A motivação de um coração missionário

Por que sou um missionário? Para desbravar florestas? Para conhecer culturas? Para ter uma vida radical? Hoje respondo da mesma maneira que os jovens morávios, no século 18, fizeram ao obedecerem ao chamado de Cristo: “Para que o Cordeiro, que foi imolado, receba a justa recompensa pelo seu sacrifício, através das nossas vidas”

fonte: Ultimato

Atualizado: Sexta-feira, 4 Julho de 2014 as 2:48

Coração missionário imgComecei a assinar uma revista missionária porque, na minha pobre percepção, era a “National Geographic” evangélica! Nessa revista encontrei, ilustrando um artigo, uma foto de um missionário desbravador na África, no meio da floresta e tudo o mais. Deslumbrando aventuras, pensei: eu não sei o que ele faz, mas é isso o que eu quero fazer. Assim, comecei a me envolver em missões.

Eu sei que essa não é a melhor das motivações, por isso eu agradeço a Deus por eu não ter ido ao campo missionário com ela. Foi no longo tempo de preparo que Deus colocou a motivação no lugar. Os livros, as revistas missionárias, as conversas com missionários, os congressos, os cursos e, sobretudo, a rotina de oração e leitura da Bíblia me ajudaram a formar uma visão missionária.

Entretanto, uma viagem missionária que fiz há alguns anos com minha esposa marcou esta mudança. Passaríamos alguns dias entre um povo não alcançado pelo evangelho, em um campo avançado no meio da floresta; eu fiquei muito empolgado. Quando o missionário daquele povo me viu antes de partirmos para a viagem, ele soltou uma gargalhada: eu tinha posto uma roupa que me fazia parecer uma cópia bem barata do Indiana Jones.

Tivemos um tempo proveitoso com esse povo: fomos para a mata com eles, os vimos caçarem, participamos de rodas de histórias à noite — todas as experiências que minha juventude esperava. No entanto, estas memórias ficaram sobrepostas por outras infinitamente melhores, que eu não estava esperando, como aquela de quando acordei durante a noite e vi uma das famílias, em volta de uma fogueira, lendo a Bíblia. Estas memórias marcaram definitivamente a minha vida. Especialmente o que ocorreu meses depois, quando já estávamos na cidade. O missionário daquele povo portava uma grande notícia: o primeiro convertido, um jovem da aldeia havia entregado sua vida a Cristo! Nós nos encontramos com aquele jovem em um acampamento evangélico, onde ele, no último dia, deu um lindo testemunho. Ele disse que agora entendia a Palavra de Deus, pois os missionários o haviam ensinado o evangelho. Na sequência, ele adorou a Deus em sua própria língua, junto com a família missionária que tinha pregado para ele.

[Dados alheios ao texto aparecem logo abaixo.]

Definition is_nondegenerate2 (w : (RR -> RR) -> (RR -> RR) -> RR) : Prop :=
  forall X, is_der_inv X -> (forall Y, is_der_inv Y -> w X Y = 0) ->
    forall f, X f = 0.

End Defs.

From Pilot Require Import Defs.
From HB Require Import structures.
From mathcomp Require Import all_boot all_order all_algebra all_fingroup.
From mathcomp Require Import mxrepresentation complex reals mpoly.
From mathcomp Require Import ring.

Set Implicit Arguments.
Unset Strict Implicit.
Unset Printing Implicit Defensive.

Import GRing.Theory.
Local Open Scope ring_scope.

(* A derivation D of R that vanishes on R^Gamma is zero: a coordinate x of
   T^*V is a simple root of Q = prod_(y in Gamma x) (T - y), whose coefficients
   are invariant, so 0 = D (Q x) = Q'(x) * D x.  Hence restriction is injective
   on Der(R)^Gamma, which makes lambda bracket-preserving, and closedness of
   omega follows from that of the constant-coefficient form omega_0.  Gamma
   acts on T^*V by symplectic linear maps, so omega_0 of invariant derivations
   is invariant.  For invariant f the Hamiltonian derivation {f, -} is
   invariant, hence equals lambda of its restriction Y, and omega(X, Y) = - X f
   gives non-degeneracy. *)

Lemma comp_mpolyA (K : comNzRingType) (k : nat) (p : {mpoly K[k]})
    (t s : k.-tuple {mpoly K[k]}) :
  (p \mPo t) \mPo s = p \mPo [tuple tnth t i \mPo s | i < k].
Proof.
rewrite [p \mPo t]comp_mpolyEX [RHS]comp_mpolyEX raddf_sum /=; apply: eq_bigr => m _.
rewrite comp_mpolyZ !comp_mpolyX rmorph_prod /=; congr (_ *: _).
by apply: eq_bigr => i _; rewrite rmorphXn /= tnth_mktuple.
Qed.

Lemma sum_mx_pairing (K : comNzRingType) (A : comAlgType K) (k : nat)
    (M N : 'M[K]_k) (a b : 'I_k -> A) :
  N *m M = 1%:M ->
  \sum_i (\sum_j M i j *: a j) * (\sum_l N l i *: b l) = \sum_j a j * b j.
Proof.
move=> NM1; under eq_bigr => i _ do rewrite mulr_suml; rewrite exchange_big /=.
apply: eq_bigr => j _; under eq_bigr => i _ do rewrite mulr_sumr; rewrite exchange_big /=.
have pair_l l : \sum_i (M i j *: a j) * (N l i *: b l) = (N *m M) l j *: (a j * b l).
  rewrite mxE scaler_suml; apply: eq_bigr => i _.
  by rewrite -scalerAl -scalerAr scalerA mulrC.
under eq_bigr => l _ do rewrite pair_l NM1 mxE.
rewrite (bigD1 j) //= big1 => [|l /negbTE neq_lj]; last by rewrite neq_lj scale0r.
by rewrite eqxx scale1r addr0.
Qed.

Section Derivations.
Variables (R : realType) (n : nat).
Local Notation RR := (coordRing R n).

Section DerivationRules.
Variable D : RR -> RR.
Hypothesis D_der : is_der D.

Lemma derD f h : D (f + h) = D f + D h.
Proof. by have [lin _] := D_der; have := lin 1 f h; rewrite !scale1r. Qed.

Lemma der0 : D 0 = 0.
Proof. by apply: (addrI (D 0)); rewrite -derD !addr0. Qed.

Lemma derZ c f : D (c *: f) = c *: D f.
Proof. by have [lin _] := D_der; rewrite -[c *: f]addr0 lin der0 addr0. Qed.

Lemma derB f h : D (f - h) = D f - D h.
Proof. by rewrite derD -scaleN1r derZ scaleN1r. Qed.

Lemma derM f h : D (f * h) = f * D h + D f * h.
Proof. by have [_ ->] := D_der. Qed.

Lemma der1 : D 1 = 0.
Proof.
have := derM 1 1; rewrite !mul1r mulr1 => D1_double.
by apply: (addrI (D 1)); rewrite addr0 -D1_double.
Qed.

Lemma der_sum (I : Type) (r : seq I) (P : pred I) (F : I -> RR) :
  D (\sum_(i <- r | P i) F i) = \sum_(i <- r | P i) D (F i).
Proof.
by apply: (big_rec2 (fun x y => D x = y)) => [|i x y _ <-]; [exact: der0 | exact: derD].
Qed.

End DerivationRules.

Lemma der_eq0 (D : RR -> RR) :
  is_der D -> (forall k, D 'X_k = 0) -> forall f, D f = 0.
Proof.
move=> D_der DX0; elim/mpolyind => [|c m p _ _ IHp]; first exact: der0.
rewrite derD // derZ // IHp addr0 mpolyXE_id.
rewrite (big_ind (fun x => D x = 0)) ?scaler0 ?der1 // => [x y Dx0 Dy0|k _].
  by rewrite derM // Dx0 Dy0 mulr0 mul0r addr0.
elim: (m k) => [|e IHe]; first by rewrite expr0 der1.
by rewrite exprS derM // IHe DX0 mulr0 mul0r addr0.
Qed.
(* Let $(G,v)$ be a Hamel space over an ordered field $C$ and $G_0\subseteq G$ a $C$-linear subspace. For any $c_1,\dots,c_m\in G\setminus G_0$, \[\#\Big(v\big(G_0+\textstyle\sum_{i=1}^mCc_i\big)\setminus v(G_0)\Big)\le m.\] In particular, there are $n\le m$ and distinct $d_1,\dots,d_n\in v(G_0+\sum_{i=1}^mCc_i)\setminus v(G_0)$ such that $v(G_0+\sum_{i=1}^mCc_i)\subseteq v(G_0)\cup\{d_1,\dots,d_n\}$.
   Context: Let $C$ be an ordered field. A $2$-ordered $C$-vector space is a $C$-vector space $G$ with two total orderings $<_0,<_1$ such that $G$ is an ordered $C$-vector space with respect to each. Put $G_\infty=G\cup\{\infty\}$, with $G<_0\infty$, $G<_1\infty$. A Hamel valuation on $G$ is a map $v:G\to G_\infty$ such that for all $x,y\in G$ and $\lambda\in C^{\times}$: $v(x)=\infty$ iff $x=0$; $v(x+y)\ge_0\min_0(v(x),v(y))$; $v(\lambda x)=v(x)$; if $0<_1x<_1y$ then $v(x)\ge_0v(y)$; $v(v(x))=v(x)$ (with $v(\infty)=\infty$); and $v(x)>_10$. A Hamel space is such a pair $(G,v)$. *)

From HB Require Import structures.
From mathcomp Require Import all_boot all_order all_algebra.
Set Implicit Arguments. Unset Strict Implicit. Unset Printing Implicit Defensive.
Import Order.TTheory GRing.Theory Num.Theory.
Local Open Scope ring_scope.

Section HamelDefs.
Variables (C : realFieldType) (G : lmodType C).

Definition total_order (le : rel G) : Prop :=
  [/\ reflexive le, antisymmetric le, transitive le & total le].

Definition ordered_vspace (le : rel G) : Prop :=
  [/\ total_order le,
      (forall x y z : G, le x y -> le (x + z) (y + z)) &
      (forall (a : C) (x : G), 0 < a -> le 0 x -> le 0 (a *: x))].

Definition ltof (le : rel G) (x y : G) : bool := (x != y) && le x y.

(** G_oo = option G, with None = oo, greater than every element of G *)
Definition le_inf (le : rel G) (a b : option G) : bool :=
  match b with
  | None => true
  | Some y => match a with None => false | Some x => le x y end
  end.

Definition lt_inf (le : rel G) (a b : option G) : bool :=
  (a != b) && le_inf le a b.

Definition min_inf (le : rel G) (a b : option G) : option G :=
  if le_inf le a b then a else b.

Definition v_inf (v : G -> option G) (a : option G) : option G :=
  match a with None => None | Some g => v g end.

Definition hamel_valuation (le0 le1 : rel G) (v : G -> option G) : Prop :=
  (forall x, v x = None <-> x = 0) /\
  [/\ (forall x y, le_inf le0 (min_inf le0 (v x) (v y)) (v (x + y))),
      (forall (lam : C) x, lam != 0 -> v (lam *: x) = v x),
      (forall x y, ltof le1 0 x -> ltof le1 x y -> le_inf le0 (v y) (v x)),
      (forall x, v_inf v (v x) = v x) &
      (forall x, lt_inf le1 (Some 0) (v x))].

Definition subspace (G0 : G -> Prop) : Prop :=
  [/\ G0 0, (forall x y, G0 x -> G0 y -> G0 (x + y)) &
      (forall (a : C) x, G0 x -> G0 (a *: x))].

Definition in_span_ext (G0 : G -> Prop) (m : nat) (c : 'I_m -> G) (x : G) : Prop :=
  exists g0, exists lam : 'I_m -> C, G0 g0 /\ x = g0 + \sum_(i < m) lam i *: c i.

Definition vimage (v : G -> option G) (S : G -> Prop) (d : option G) : Prop :=
  exists x, S x /\ v x = d.

End HamelDefs.

From HB Require Import structures.
From mathcomp Require Import all_boot all_order all_algebra.
From Stdlib Require Import ClassicalEpsilon.
Set Implicit Arguments. Unset Strict Implicit. Unset Printing Implicit Defensive.
Import Order.TTheory GRing.Theory Num.Theory.
Local Open Scope ring_scope.

(** Adjoin the c_i one at a time. Inside G0 + C c all values outside v(G0) coincide:
    if x = g + a c and y = g' + b c have new values, then b x - a y lies in G0, and
    by the strict ultrametric inequality v(b x) = v(a y), i.e. v x = v y. So each
    c_i contributes at most one new value. Only the ultrametric inequality, scale
    invariance of v and totality of <_0 are used. *)

Lemma uniq_sub_cover (T : eqType) (P : T -> Prop) (s : seq T) :
  exists ds : seq T, [/\ (size ds <= size s)%N, uniq ds,
    (forall d, d \in ds -> P d) & (forall d, d \in s -> P d -> d \in ds)].
Proof.
pose p d : bool := if excluded_middle_informative (P d) then true else false.
have pP d : reflect (P d) (p d).
  by rewrite /p; case: excluded_middle_informative => ?; constructor.
exists [seq d <- undup s | p d]; split.
- by rewrite size_filter (leq_trans (count_size _ _)) ?size_undup.
- by rewrite filter_uniq ?undup_uniq.
- by move=> d; rewrite mem_filter => /andP[/pP].
- by move=> d sd Pd; rewrite mem_filter mem_undup sd andbT; apply/pP.
Qed.

Section NewValues.
Variables (C : realFieldType) (G : lmodType C) (le : rel G) (v : G -> option G).
Hypothesis le_total_order : total_order le.
Hypothesis v_ultra : forall x y, le_inf le (min_inf le (v x) (v y)) (v (x + y)).
Hypothesis v_scale : forall (a : C) x, a != 0 -> v (a *: x) = v x.

Lemma le_inf_anti a b : le_inf le a b -> le_inf le b a -> a = b.
Proof.
have [_ anti _ _] := le_total_order.
by case: a b => [x|] [y|] //= xy yx; rewrite (anti x y) ?xy.
Qed.

Lemma le_inf_total a b : le_inf le a b || le_inf le b a.
Proof. by have [_ _ _ tot] := le_total_order; case: a b => [x|] [y|] //=; apply: tot. Qed.

Lemma v_opp x : v (- x) = v x.
Proof. by rewrite -scaleN1r v_scale ?oppr_eq0 ?oner_eq0. Qed.

Lemma v_addr_neq x y : v x <> v y -> v (x + y) = v x \/ v (x + y) = v y.
Proof.
wlog xy : x y / le_inf le (v x) (v y) => [hwlog neq|neq].
  case/orP: (le_inf_total (v x) (v y)) => [xy|yx]; first exact: hwlog.
  by rewrite addrC; case: (hwlog y x yx) => //; auto.
have le_sum : le_inf le (v x) (v (x + y)) by have := v_ultra x y; rewrite /min_inf xy.
have := v_ultra (x + y) (- y); rewrite addrK v_opp /min_inf.
case: ifP => [_ sum_x | _ yx]; first by left; apply: le_inf_anti.
by case: neq; apply: le_inf_anti.
Qed.

Definition add_line (H : G -> Prop) (c : G) (x : G) : Prop :=
  exists h, exists a : C, H h /\ x = h + a *: c.

Lemma subspace_add_line H c : subspace H -> subspace (add_line H c).
Proof.
case=> H0 HD HZ; split.
- by exists 0, 0; rewrite scale0r addr0.
- move=> _ _ [h [a [Hh ->]]] [h' [b [Hh' ->]]].
  by exists (h + h'), (a + b); rewrite scalerDl addrACA; split; first exact: HD.
- move=> a _ [h [b [Hh ->]]].
  by exists (a *: h), (a * b); rewrite scalerDr scalerA; split; first exact: HZ.
Qed.

Lemma add_line_new_value_eq H c x y : subspace H ->
  add_line H c x -> add_line H c y ->
  ~ vimage v H (v x) -> ~ vimage v H (v y) -> v x = v y.
Proof.
case=> _ HD HZ [h [a [Hh ex]]] [h' [b [Hh' ey]]] newx newy.
have [a0|a_neq0] := eqVneq a 0.
  by case: newx; exists h; rewrite ex a0 scale0r addr0.
have [b0|b_neq0] := eqVneq b 0.
  by case: newy; exists h'; rewrite ey b0 scale0r addr0.
pose z := b *: h + (- a) *: h'.
have Hz : H z by apply: HD; apply: HZ.
have bx : b *: x = z + a *: y.
  by rewrite ex ey /z !scalerDr !scalerA mulrC scaleNr addrA subrK.
have vbx : v (b *: x) = v x by exact: v_scale.
have vay : v (a *: y) = v y by exact: v_scale.
have [vz|vz] := eqVneq (v z) (v (a *: y)).
  by case: newy; exists z; rewrite vz vay.
have := v_addr_neq (elimN eqP vz); rewrite -bx vbx vay => -[vxz|//].
by case: newx; exists z.
Qed.

Lemma in_span_ext0 H (c : 'I_0 -> G) x : in_span_ext H c x -> H x.
Proof. by case=> g [lam [Hg ->]]; rewrite big_ord0 addr0. Qed.

Lemma in_span_extS H n (c : 'I_n.+1 -> G) x : in_span_ext H c x ->
  in_span_ext (add_line H (c ord0)) (fun i => c (lift ord0 i)) x.
Proof.
case=> g [lam [Hg ->]]; exists (g + lam ord0 *: c ord0), (fun i => lam (lift ord0 i)).
by rewrite big_ord_recl addrA; split; first by exists g, (lam ord0).
Qed.

Lemma new_values_in_span_ext n H (c : 'I_n -> G) : subspace H ->
  exists s : seq (option G), (size s <= n)%N /\
    forall d, vimage v (in_span_ext H c) d -> ~ vimage v H d -> d \in s.
Proof.
elim: n H c => [|n IHn] H c sH.
  by exists [::]; split => // d [x [/in_span_ext0 Hx <-]] []; exists x.
have [s [size_s cover_s]] := IHn _ (fun i => c (lift ord0 i)) (subspace_add_line (c ord0) sH).
have [[x0 [line_x0 new_x0]] | no_new] :=
  classic (exists x0, add_line H (c ord0) x0 /\ ~ vimage v H (v x0)).
- exists (v x0 :: s); split => // _ [x [/in_span_extS span_x <-]] new_x.
  have [[y [line_y vy]] | not_line] := classic (vimage v (add_line H (c ord0)) (v x)).
    by rewrite -vy (add_line_new_value_eq sH line_y line_x0) ?vy ?mem_head.
  by rewrite in_cons cover_s ?orbT //; exists x.
- exists s; split => [|_ [x [/in_span_extS span_x <-]] new_x]; first exact: leqW.
  apply: cover_s => [|[y [line_y vy]]]; first by exists x.
  by apply: no_new; exists y; rewrite vy.
Qed.

End NewValues.

Theorem proposition4p4 (C : realFieldType) (G : lmodType C)
  (le0 le1 : rel G) (v : G -> option G)
  (hord0 : ordered_vspace le0) (hord1 : ordered_vspace le1)
  (hv : hamel_valuation le0 le1 v)
  (G0 : G -> Prop) (hG0 : subspace G0)
  (m : nat) (c : 'I_m -> G) (hc : forall i, ~ G0 (c i)) :
  (* #( v(G0 + sum C c_i) \ v(G0) ) <= m *)
  (exists s : seq (option G), (size s <= m)%N /\
     forall d, vimage v (in_span_ext G0 c) d -> ~ vimage v G0 d -> d \in s)
  /\
  (* n <= m distinct d_1..d_n in the difference covering v(G0 + sum C c_i) *)
  (exists ds : seq (option G),
     [/\ (size ds <= m)%N, uniq ds,
         (forall d, d \in ds -> vimage v (in_span_ext G0 c) d /\ ~ vimage v G0 d) &
         (forall d, vimage v (in_span_ext G0 c) d -> vimage v G0 d \/ d \in ds)]).
Proof.
have [[le0_total _ _] [_ [v_ultra v_scale _ _ _]]] := (hord0, hv).
have [s [size_s cover_s]] := new_values_in_span_ext le0_total v_ultra v_scale c hG0.
split; first by exists s.
have [ds [size_ds uniq_ds new_ds cover_ds]] := uniq_sub_cover
  (fun d => vimage v (in_span_ext G0 c) d /\ ~ vimage v G0 d) s.
exists ds; split; rewrite ?(leq_trans size_ds) //.
move=> d span_d; have [|old_d] := classic (vimage v G0 d); first by left.
by right; apply: cover_ds; [apply: cover_s | split].
Qed.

Naqueles dias, aquele rapaz, por meio da pregação dos missionários, havia recebido o tesouro que estava reservado para ele, as insondáveis riquezas de Cristo conquistadas na Cruz, e Deus o recebeu como Filho, e Cristo recebeu sua recompensa. Jesus Cristo, na Cruz, comprou para Deus, com o próprio sangue, um povo para si, escolhido de todas as tribos e nações; e Cristo nos envia para levar esta notícia. Será que haveria algo mais incrível que isso?

Por que sou um missionário? Para desbravar florestas? Para conhecer culturas? Para ter uma vida radical? Hoje respondo da mesma maneira que os jovens morávios, no século 18, fizeram ao obedecerem ao chamado de Cristo: “Para que o Cordeiro, que foi imolado, receba a justa recompensa pelo seu sacrifício, através das nossas vidas”.

Naquele dia, naquele acampamento, eu pensei: “Eu não sei o que esses missionários fizeram, nem como fizeram, mas é isso o que eu quero fazer pelo resto da minha vida!”.